Through May, individual income tax refunds have exceeded the FY 2002 forecast total by $52.1 million. Since the beginning of the filing season in January, the Department has issued over 2.2 million refunds – 385,000 more than last filing season, and considerably more than in any filing season on record.
Individual Income Tax Nonwithholding (14% of general fund revenues): Nonwithholding collections in May, which include both final payments for tax year 2001 and the first estimated payment for tax year 2002, declined by 42.2 percent below last May’s collections. Within this overall total, final payments which were due May 1 fell about twice as much as expected. The forecast anticipated a reduction of about 20 percent in final payments. Final payments actually fell 37 percent.
The first estimated payment for tax year 2002, which was also due May 1, was about equal to last year’s collections. At this level, estimated payments in fiscal year 2002 are down about 7 percent -- very close to the forecast of -10 percent.

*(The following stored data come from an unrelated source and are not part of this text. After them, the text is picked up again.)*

Lemma prob_pulls_ge_01 q n h c : 0 <= q <= 1 -> 0 <= prob_pulls_ge q h n c <= 1.
Proof.
  intros Hq. revert h c; induction n as [|n IH]; intros h c; simpl;
    destruct (Nat.leb m c); try lra.
  destruct (Nat.eqb (p h) j).
  - pose proof (IH (true :: h) (S c)). pose proof (IH (false :: h) (S c)). nra.
  - pose proof (IH (true :: h) c). pose proof (IH (false :: h) c). nra.
Qed.

Lemma prob_pulls_ge_markov n h c t :
  INR m * prob_pulls_ge (1/2) h n c
  <= INR c + tree_expect p (fun _ _ => 1/2) t h n pulls (fun _ => 0).
Proof.
  assert (Hhalf : forall s k, 0 <= (fun _ _ : nat => 1/2) s k <= 1) by (intros; lra).
  assert (Hpulls : forall s h, 0 <= pulls s h)
    by (intros; unfold pulls; destruct (Nat.eqb _ _); lra).
  revert h c t; induction n as [|n IH]; intros h c t; simpl.
  - destruct (Nat.leb_spec m c) as [Hmc|]; [apply le_INR in Hmc; lra|].
    pose proof (pos_INR c). lra.
  - unfold pulls at 1.
    destruct (Nat.leb_spec m c) as [Hmc|Hmc].
    + apply le_INR in Hmc.
      assert (Hzero : forall h, 0 <= (fun _ : list bool => 0) h) by (intros; lra).
      pose proof (tree_expect_nonneg p _ Hhalf n (S t) (true :: h) pulls _ Hpulls Hzero).
      pose proof (tree_expect_nonneg p _ Hhalf n (S t) (false :: h) pulls _ Hpulls Hzero).
      destruct (Nat.eqb _ _); lra.
    + pose proof (IH (true :: h) (S c) (S t)). pose proof (IH (false :: h) (S c) (S t)).
      pose proof (IH (true :: h) c (S t)). pose proof (IH (false :: h) c (S t)).
      rewrite S_INR in *. destruct (Nat.eqb (p h) j); lra.
Qed.

(* Pointwise [x <= 5/4 + (x - 1)^2] at [x = a * ratio] on the event, integrated
   under the all-1/2 environment. *)
Lemma prob_pulls_ge_change_of_measure e n h c (a : R) :
  a * prob_pulls_ge (1/2 + e) h n c
  <= 5/4 * prob_pulls_ge (1/2) h n c + (a^2 * lr_moment2 e h n c - 2 * a + 1).
Proof.
  revert h c a; induction n as [|n IH]; intros h c a; simpl;
    pose proof (pow2_ge_0 (a - 3/2)).
  - pose proof (pow2_ge_0 (a - 1)). destruct (Nat.leb m c); nra.
  - destruct (Nat.leb m c); [nra|].
    destruct (Nat.eqb (p h) j).
    + pose proof (IH (true :: h) (S c) (a * (1 + 2*e))).
      pose proof (IH (false :: h) (S c) (a * (1 - 2*e))). lra.
    + pose proof (IH (true :: h) c a). pose proof (IH (false :: h) c a). lra.
Qed.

Given the large decline in final payments and the continuing surge in income tax refunds, there is a high degree of uncertainty about whether the second estimated payment for tax year 2002, which is due June 15, will also fall close to the forecast.
Sales Tax (21% of general fund revenues): Sales tax collections for May increased by 2.0 percent. On a year-to-date basis, collections are at 0.1 percent growth – equal to the annual estimate required by the current forecast (excluding the acceleration of sales tax collections expected in June). This is the first time since November, 2000, that there have been three consecutive monthly increases in sales tax collections.

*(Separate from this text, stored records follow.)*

Lemma prob_subset_eq1 A D : M A -> M D -> A `<=` D -> P A = 1 -> P D = 1.
Proof. by move=> mA mD AD PA1; apply/le_anti; rewrite prob_le1 //= -PA1 le_prob. Qed.

Lemma prob_setC A : M A -> P (~` A) = 1 - P A.
Proof. by move=> mA; rewrite -setTD prob_setD ?P_setT //; exact: run_measurableT. Qed.

End RunProbability.

Section CylinderProbabilities.
Variables (R : realType) (V : finType) (E : rel V) (V0 V1 : {set V}).
Implicit Types (pi : seq V -> V -> R) (h p u w : seq V) (v x y z : V).
Local Notation step := (step E V0 V1).
Local Notation cylprob := (cylprob E V0 V1).

Definition shift_strategy p pi : seq V -> V -> R := fun s => pi (p ++ s).

Lemma strategy_shift (Vi : {set V}) p pi :
  strategy E Vi pi -> strategy E Vi (shift_strategy p pi).
Proof. by move=> hpi h z hz; rewrite /shift_strategy -rcons_cat; exact: hpi. Qed.

Lemma step_cat pi0 pi1 p h z y :
  step pi0 pi1 (p ++ h) z y = step (shift_strategy p pi0) (shift_strategy p pi1) h z y.
Proof. by rewrite /step /shift_strategy rcons_cat. Qed.

Lemma cylprob_cons2 pi0 pi1 v x0 x1 w :
  cylprob pi0 pi1 v [:: x0, x1 & w] = (x0 == v)%:R * step pi0 pi1 [::] x0 x1 *
    cylprob (shift_strategy [:: x0] pi0) (shift_strategy [:: x0] pi1) x1 (x1 :: w).
Proof.
rewrite /cylprob /= big_ord_recl eqxx mul1r mulrA; congr (_ * _).
apply: eq_bigr => k _; rewrite lift0 -step_cat /=.
by congr step; apply: set_nth_default; [rewrite /= ltnS; exact: ltnW | exact: ltn_ord].
Qed.

Lemma cylprob1 pi0 pi1 x : cylprob pi0 pi1 x [:: x] = 1.
Proof. by rewrite /cylprob /= big_ord0 eqxx mulr1. Qed.

Lemma cylprob_cat pi0 pi1 v p x u :
  cylprob pi0 pi1 v (p ++ x :: u) = cylprob pi0 pi1 v (rcons p x) *
    cylprob (shift_strategy p pi0) (shift_strategy p pi1) x (x :: u).
Proof.
elim: p v pi0 pi1 => [|y p IHp] v pi0 pi1.
  by rewrite /cylprob /= big_ord0 eqxx !mulr1 mul1r.
case: p IHp => [|z p] IHp; rewrite [_ ++ _]/= [rcons _ _]/= !cylprob_cons2.
  by rewrite cylprob1 !mulr1.
by rewrite IHp mulrA.
Qed.

Lemma cylprob_shift_memoryless pi0 pi1 p v w : det_memoryless E V0 pi0 ->
  cylprob (shift_strategy p pi0) pi1 v w = cylprob pi0 pi1 v w.
Proof.
move=> [sigma [_ pi0E]]; case: w => [//|x0 w]; rewrite /cylprob; congr (_ * _).
apply: eq_bigr => k _; rewrite /step /shift_strategy -rcons_cat.
by case: ifP => // hV0; rewrite !pi0E.
Qed.

Lemma eq_cylprob pi0 pi1 pi1' v w :
    (forall m, (0 < m < size w)%N -> pi1 (take m w) =1 pi1' (take m w)) ->
  cylprob pi0 pi1 v w = cylprob pi0 pi1' v w.
Proof.
case: w => [//|x0 w] pi1E; rewrite /cylprob; congr (_ * _); apply: eq_bigr => k _.
have kw : (k < size w)%N := ltn_ord k.
rewrite /step -(take_nth x0); last by rewrite ltnS ltnW.
by rewrite (pi1E k.+1) //= ltnS kw.
Qed.

Definition glue_strategy p x pi pi' : seq V -> V -> R :=
  fun s => if prefix (rcons p x) s then pi' (drop (size p) s) else pi s.

Lemma strategy_glue (Vi : {set V}) p x pi pi' :
  strategy E Vi pi -> strategy E Vi pi' -> strategy E Vi (glue_strategy p x pi pi').
Proof.
move=> hpi hpi' h z hz; rewrite /glue_strategy; case: ifP => [/size_prefix | _].
  by rewrite !size_rcons ltnS => ph; rewrite drop_rcons //; exact: hpi'.
exact: hpi.
Qed.

Lemma cylprob_glue_notprefix pi0 pi1 pi1' p x v u : ~~ prefix (rcons p x) u ->
  cylprob pi0 (glue_strategy p x pi1 pi1') v u = cylprob pi0 pi1 v u.
Proof.
move=> npu; apply: eq_cylprob => m _ y; rewrite /glue_strategy ifN //.
by apply: contra npu => pu; exact: prefix_trans pu (prefix_take _ _).
Qed.

Lemma cylprob_glue_rcons pi0 pi1 pi1' p x v :
  cylprob pi0 (glue_strategy p x pi1 pi1') v (rcons p x) = cylprob pi0 pi1 v (rcons p x).
Proof.
apply: eq_cylprob => m /andP[_ m_lt] y; rewrite /glue_strategy ifN //.
by apply/negP => /size_prefix; rewrite size_take m_lt leqNgt m_lt.
Qed.

Lemma cylprob_glue_cat pi0 pi1 pi1' p x v u : det_memoryless E V0 pi0 ->
  cylprob pi0 (glue_strategy p x pi1 pi1') v (p ++ x :: u) =
  cylprob pi0 pi1 v (rcons p x) * cylprob pi0 pi1' x (x :: u).
Proof.
move=> mem0; rewrite cylprob_cat cylprob_glue_rcons cylprob_shift_memoryless //.
congr (_ * _); apply: eq_cylprob => -[//|m] _ y.
by rewrite /shift_strategy /glue_strategy /= -cat_rcons prefix_prefix cat_rcons drop_size_cat.
Qed.

End CylinderProbabilities.

Section ReachedCylinder.
Variables (R : realType) (V : finType) (E : rel V) (V0 V1 : {set V}).
Variables (pi0 pi1 : seq V -> V -> R) (v0 x : V) (p : seq V) (P : set (nat -> V) -> R).
Hypotheses (mem0 : det_memoryless E V0 pi0) (hP : run_measure E V0 V1 pi0 pi1 v0 P).
Local Notation C := (cyl (rcons p x)).
Hypothesis C_gt0 : 0 < P C.
Local Notation M := (@run_measurable V).

Let hPprob : run_probability P := run_measure_probability hP.
Let P_cyl u : P (cyl u) = cylprob E V0 V1 pi0 pi1 v0 u. Proof. by case: hP. Qed.
Let mC : M C := run_measurable_cyl _.

Definition cond_shift_prob (A : set (nat -> V)) : R :=
  (P C)^-1 * P (C `&` dropr (size p) @^-1` A).
(* Let $X$ be as in the standing setting with skeleton $X_1,\dots,X_k$, where the elements of $X_i$ are scaled (by positive factors) so that $\sum_{e\in X_i}e=0$. Suppose some $x\in X$ lies in no $\operatorname{span}X_l$ and $x\in\operatorname{pos}\{x_i,x_j\}$ with $x_i\in X_i$, $x_j\in X_j$, $i\ne j$. Then every $y\in X\cap\operatorname{span}X_i$ is a positive multiple of $\sum_{e\in S_y}e$. Moreover, for any $p,q\in X\cap\operatorname{span}X_i$, the supports $S_p,S_q$ are either disjoint or one is a subset of the other.
   Context: Standing setting: $X\subset\mathbb R^n\setminus\{0\}$ is a finite set such that $0$ lies in the interior of $\operatorname{conv}X$, no element of $X$ is a positive multiple of another, and every $n+1$ points of $X$ are in good position; elements of $X$ represent directions, so each may be replaced by a positive multiple without affecting these hypotheses. A finite set $A$ is in conical position if $0\notin\operatorname{conv}A$ and no point of $A$ lies in the positive hull (set of nonnegative linear combinations, denoted $\operatorname{pos}$) of the other points; it is in good position otherwise. A skeleton of $X$ is a collection of pairwise disjoint subsets $X_1,\dots,X_k\subseteq X$ such that each $X_i$ is the vertex set of a simplex whose relative interior contains $0$ and $\mathbb R^n=\operatorname{span}X_1\oplus\cdots\oplus\operatorname{span}X_k$. For a nonzero $y\in\operatorname{span}X_i$, its support $S_y$ is the minimal subset of $X_i$ whose positive hull contains $y$. *)

From HB Require Import structures.
From mathcomp Require Import all_boot all_order all_algebra.
From mathcomp Require Import finmap.
From mathcomp Require Import all_classical all_reals all_analysis.

Set Implicit Arguments.
Unset Strict Implicit.
Unset Printing Implicit Defensive.

Import Order.TTheory GRing.Theory Num.Theory.
Import numFieldTopology.Exports numFieldNormedType.Exports.
Local Open Scope ring_scope.
Local Open Scope fset_scope.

May was not a significant month for a number of other revenue sources, such as corporate income tax and insurance premiums. The following list provides data on other key taxes:
Year-to-Date Meet Estimate
Corporate (2.7% GF revenues) -20.5% -18.7%
Insurance Premiums (2.6% GF revenues) 10.4% 7.4%
ABC Taxes (1.1% GF revenues) 3.5% 2.3%
Interest Income (1.0% GF revenues) -33.6% -15.9%
Public Service Corporations (.9% GF revenues) -14.9% 2.2%
All Other Revenue. Revenue from all other sources declined in May by $37.6 million from last year – a 47.3 percent decline. Medicaid recoveries received last May distort the comparison, however. On a year-to-date basis, collections were 0.9 percent above the same period last year, due primarily to collections of taxes on wills, suits, and deeds, and contract fees. This is slightly above the estimates for this year.
Lottery Revenues. In May, lottery net income grew 10.9 percent more than last year. On a year-to-date basis, growth of 13.7 percent is significantly above the amount needed to meet the revised revenue estimate. Growth to date indicates that Lottery collections will exceed the $329.0 million estimate by a comfortable margin. Sales are up in every lottery product for the year.
Growth in general fund revenues has now been negative for six consecutive months. Total year-to-date collections, including Tobacco Settlement revenues, are 5.8 percent below collections for the same period last year. Given the decline in individual income tax payments and significant increase in income tax refunds, all signs point to a substantial revenue shortfall at year-end.
Once general fund collections for FY 2002 are final, we will begin the formal process of re-forecasting revenues for FY 2003 and FY 2004.